Exhaust Gas Recirculation (EGR) is a technique used to reduce nitrogen oxide (NOx) emissions from internal combustion engines. It works by recirculating a portion of the engine's exhaust gas back into the intake manifold, where it mixes with the incoming air-fuel mixture. This dilutes the mixture, meaning there is less oxygen available for combustion. The presence of inert gases (such as CO2 and N2) in the intake charge absorbs the heat during combustion. This lowers the peak combustion temperatures, which in turn reduces the formation of NOx, as NOx formation is temperature dependent. This diluted mixture is then combusted in the engine cylinders. The EGR system is managed by the engine control unit (ECU), which adjusts the EGR valve based on engine load, speed, temperature, and other operating conditions. EGR systems can reduce NOx emissions by 40-60% in gasoline engines and by 20-50% in diesel engines, depending on the design and operating conditions. While it has certain limitations, such as potential impacts on engine performance and increased particulate emissions in diesel engines, EGR remains a valuable tool in the overall strategy to control NOx emissions. When combined with other emission control technologies, EGR helps vehicles meet stringent environmental regulations and contributes to cleaner air.
Catalytic converters, selective catalytic reduction, and exhaust gas recirculation are all focused on treating the exhaust gasses-still allowing the formation of NOx.
Oxygen concentrators are medical devices that assist people who have a low level of oxygen in their blood by providing them with concentrated oxygen. The oxygen concentrator receives air, filters it, and distributes the newly formed gas mixture. Atmospheric air is comprised of 78% nitrogen and 21% oxygen. Pressure Swing Adsorption (PSA) is a key technology used in oxygen concentrators to separate oxygen from nitrogen and other gases in the air. PSA operates based on the principle that gases can be adsorbed under high pressure and released under low pressure. The process relies on a material called zeolite, which has a high affinity for nitrogen. Zeolite is a highly microporous material with a complex crystalline structure. Zeolite's microscopic pores, measuring between 0.3 and 1.5 micrometers, act like a network of tunnels, giving zeolites the ability to adsorb molecules of different sizes, shapes, and affinity. The pores allow for efficient separation of larger molecules from smaller molecules.

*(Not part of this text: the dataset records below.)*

Lemma ess_image_joint_swap d (T : measurableType d) (R : realType)
    (mu : {measure set T -> \bar R}) (phi psi : T -> R * R) p q :
  measurable_fun setT phi -> measurable_fun setT psi ->
  ess_image mu (fun x => (psi x, phi x)) (q, p) <-> ess_image mu (fun x => (phi x, psi x)) (p, q).
Proof.
move=> mphi mpsi; rewrite (ess_image_jointP _ mpsi mphi) (ess_image_jointP _ mphi mpsi).
have E e : (fun x => (psi x, phi x)) @^-1` ball (q, p) e =
           (fun x => (phi x, psi x)) @^-1` ball (p, q) e.
  by apply/seteqP; split => x [? ?]; split.
by split => H e e0; [rewrite -E | rewrite E]; exact: H.
Qed.

Section CircleCoupling.
Context {d} {T : measurableType d} {R : realType}.

Record circle_coupling (P : probability T R) (phi psi : T -> R * R) : Prop :=
  CircleCoupling {
    coupling_mfst : measurable_fun setT phi;
    coupling_msnd : measurable_fun setT psi;
    coupling_S1_fst : forall x, S1 R (phi x);
    coupling_S1_snd : forall x, S1 R (psi x);
    coupling_diffuse_fst : forall p, P (phi @^-1` [set p]) = 0%E;
    coupling_diffuse_snd : forall p, P (psi @^-1` [set p]) = 0%E;
    coupling_support_fst : ess_image P phi = S1 R;
    coupling_support_snd : ess_image P psi = S1 R;
    coupling_orient : {ae ((P \x P) \x P)%E, forall t : T * T * T,
      orient (phi t.1.1) (phi t.1.2) (phi t.2) = orient (psi t.1.1) (psi t.1.2) (psi t.2)} }.

Lemma circle_coupling_sym P phi psi :
  circle_coupling P phi psi -> circle_coupling P psi phi.
Proof.
case=> mphi mpsi Sphi Spsi nphi npsi ephi epsi ae; constructor => //.
by apply: negligibleS ae => t /= neq /esym.
Qed.

Variables (P : probability T R) (phi psi : T -> R * R).
Hypothesis hc : circle_coupling P phi psi.

Let F := ess_image P (fun x => (phi x, psi x)).
Let mphi := coupling_mfst hc.
Let mpsi := coupling_msnd hc.

Lemma support_sub_S1 z : F z -> S1 R z.1 /\ S1 R z.2.
Proof.
have cS1S1 : closed (S1 R `*` S1 R).
  by apply: (compact_closed _ (@S1xS1_compact R)); exact: norm_hausdorff.
apply: ess_image_sub_closed cS1S1 _ z => x.
by split; [exact: (coupling_S1_fst hc x) | exact: (coupling_S1_snd hc x)].
Qed.

Lemma support_compact : compact F.
Proof.
apply: (@subclosed_compact _ F (S1 R `*` S1 R)); [exact: ess_image_closed | exact: S1xS1_compact |].
by move=> z /support_sub_S1[].
Qed.

Lemma support_fiber_nonempty p : S1 R p -> exists q, F (p, q).
Proof.
move=> Sp; have cl : closed (fst @` F).
  apply: compact_closed; first exact: norm_hausdorff.
  apply: continuous_compact support_compact; apply: continuous_subspaceT => z.
  exact: cvg_fst.
suff /cl[[p' q] Fpq /= <-] : closure (fst @` F) p by exists q.
move=> B /nbhs_ballP[e e0 eB].
have pos : (0 < P (phi @^-1` ball p e))%E.
  by apply: ess_image_ball_gt0 e0; rewrite (coupling_support_fst hc).
have [x xp Fx] := ae_exists_in (measurable_preimage_ball p e mphi) pos
                    (ae_ess_image_joint P mphi mpsi).
by exists (phi x); split; [exists (phi x, psi x) | exact: eB].
Qed.

Lemma support_orient a a' b b' c c' : F (a, a') -> F (b, b') -> F (c, c') ->
  cross a b c != 0 -> cross a' b' c' != 0 -> orient a b c = orient a' b' c'.
Proof.
move=> Fa Fb Fc nz nz'.
have [e1 e10 H1] := orient_locally_constant nz.
have [e2 e20 H2] := orient_locally_constant nz'.
pose e := Order.min e1 e2; have e0 : 0 < e by rewrite lt_min e10 e20.
have be1 (u v : R * R) : ball u e v -> ball u e1 v by apply: le_ball; rewrite ge_min lexx.
have be2 (u v : R * R) : ball u e v -> ball u e2 v by apply: le_ball; rewrite ge_min lexx orbT.
pose A z := (fun x => (phi x, psi x)) @^-1` ball z e.
have mA z : measurable (A z) by exact: measurable_joint_preimage_ball.
have PA z : F z -> (0 < P (A z))%E by move/(ess_image_jointP P mphi mpsi); apply.
have pos : (0 < ((P \x P) \x P) (A (a, a') `*` A (b, b') `*` A (c, c')))%E.
  rewrite product_measure1E //; last exact: measurableX.
  apply: mule_gt0; last exact: PA.
  by have := mule_gt0 (PA _ Fa) (PA _ Fb); rewrite -product_measure1E.
have [[[x y] z] [[[xa xa'] [yb yb']] [zc zc']] /= eq] :=
  ae_exists_in (measurableX (measurableX (mA _) (mA _)) (mA _)) pos (coupling_orient hc).
rewrite -(H1 _ _ _ (be1 _ _ xa) (be1 _ _ yb) (be1 _ _ zc)).
by rewrite -(H2 _ _ _ (be2 _ _ xa') (be2 _ _ yb') (be2 _ _ zc')).
Qed.

Lemma support_sample_snd b e (Q : T -> Prop) : S1 R b -> 0 < e ->
  {ae P, forall x, Q x} -> exists2 x, ball b e (psi x) & F (phi x, psi x) /\ Q x.
Proof.
move=> Sb e0 aeQ; have pos : (0 < P (psi @^-1` ball b e))%E.
  by apply: ess_image_ball_gt0 e0; rewrite (coupling_support_snd hc).
apply: ae_exists_in (measurable_preimage_ball b e mpsi) pos _.
exact: filterI (ae_ess_image_joint P mphi mpsi) aeQ.
Qed.

Lemma support_fiber_unique p q q' : F (p, q) -> F (p, q') -> q = q'.
Proof.
move=> Fq Fq'; apply: contrapT => /eqP neq.
have [Sp Sq] := support_sub_S1 Fq; have [_ Sq'] := support_sub_S1 Fq'.
have [b [c [Sb Sc pos neg]]] := S1_separating_diameter Sq Sq' neq.
have [e1 e10 H1] := orient_locally_constant (lt0r_neq0 pos).
have [e2 e20 H2] := orient_locally_constant (ltr0_neq0 neg).
pose e := Order.min e1 e2; have e0 : 0 < e by rewrite lt_min e10 e20.
have be1 (u v : R * R) : ball u e v -> ball u e1 v by apply: le_ball; rewrite ge_min lexx.
have be2 (u v : R * R) : ball u e v -> ball u e2 v by apply: le_ball; rewrite ge_min lexx orbT.
have ae_neq z : {ae P, forall x, phi x <> z}.
  exact: ae_preimage_neq mphi (coupling_diffuse_fst hc z).
have [x xb [Fx xp]] := support_sample_snd Sb e0 (ae_neq p).
have [y yc [Fy [yp yx]]] := support_sample_snd Sc e0 (filterI (ae_neq p) (ae_neq (phi x))).
have Sphi := coupling_S1_fst hc.
have nz : cross p (phi x) (phi y) != 0.
  by apply/eqP => /(S1_cross_eq0P Sp (Sphi x) (Sphi y))[] /esym; [exact: xp | exact: yx | exact: yp].
have o1 : orient q (psi x) (psi y) = 1.
  by rewrite (H1 _ _ _ (ballxx _ e10) (be1 _ _ xb) (be1 _ _ yc)) orientE gtr0_sg.
have o2 : orient q' (psi x) (psi y) = -1.
  by rewrite (H2 _ _ _ (ballxx _ e20) (be2 _ _ xb) (be2 _ _ yc)) orientE ltr0_sg.
have nz1 : cross q (psi x) (psi y) != 0 by rewrite -sgr_eq0 -orientE o1 oner_neq0.
have nz2 : cross q' (psi x) (psi y) != 0 by rewrite -sgr_eq0 -orientE o2 oppr_eq0 oner_neq0.
have := support_orient Fq Fx Fy nz nz1; have := support_orient Fq' Fx Fy nz nz2.
by rewrite o1 o2 => ->; lra.
Qed.

Definition support_map p := xget p [set q | F (p, q)].

Lemma support_map_spec p : S1 R p -> F (p, support_map p).
Proof. by move=> Sp; exact: (xgetPex p (support_fiber_nonempty Sp)). Qed.

Lemma support_mapP p q : F (p, q) <-> S1 R p /\ q = support_map p.
Proof.
split => [Fpq | [Sp ->]]; last exact: support_map_spec.
have [Sp _] := support_sub_S1 Fpq.
by split => //; exact: support_fiber_unique Fpq (support_map_spec Sp).
Qed.

Lemma support_map_S1 p : S1 R p -> S1 R (support_map p).
Proof. by move=> /support_map_spec/support_sub_S1[]. Qed.

Lemma support_map_graph : F = [set (p, support_map p) | p in S1 R].
Proof.
apply/seteqP; split => [[p q] /support_mapP[Sp ->] | _ [p Sp <-]]; first by exists p.
exact/support_mapP.
Qed.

In an oxygen concentrator, atmospheric air (ambient air to the vehicle) is first drawn into the oxygen concentrator and compressed to a higher pressure using a compressor. The compressed air passes through filters to remove impurities and particulates. Next, the compressed air enters a sieve bed filled with zeolite. Under high pressure, zeolite adsorbs nitrogen molecules more readily than oxygen due to their smaller size. Oxygen molecules, which are larger, pass through the sieve bed and are collected as the product gas. The result is a stream of concentrated oxygen (typically around 90-95% pure) and a nitrogen-rich gas that is adsorbed by zeolite. After a certain period, the pressure in the sieve bed is reduced to atmospheric pressure. The reduction in pressure causes the zeolite to release the adsorbed nitrogen, which is then vented out of the concentrator. This step regenerates the zeolite, making it ready for the next adsorption cycle. The alternating operation of the two sieve beds ensures that while one bed is adsorbing nitrogen and producing oxygen, the other is regenerating. This allows for a continuous flow of oxygen to the patient. PSA technology efficiently separates oxygen from nitrogen without the need for chemicals or high temperatures. It provides a consistent and reliable source of concentrated oxygen. The technology is compact enough to be used in portable oxygen concentrators for home or travel use. Regular maintenance involves cleaning or replacing filters to keep the system running efficiently. The zeolite material in the sieve beds can degrade over time and may need replacement depending on the usage and manufacturer's guidelines.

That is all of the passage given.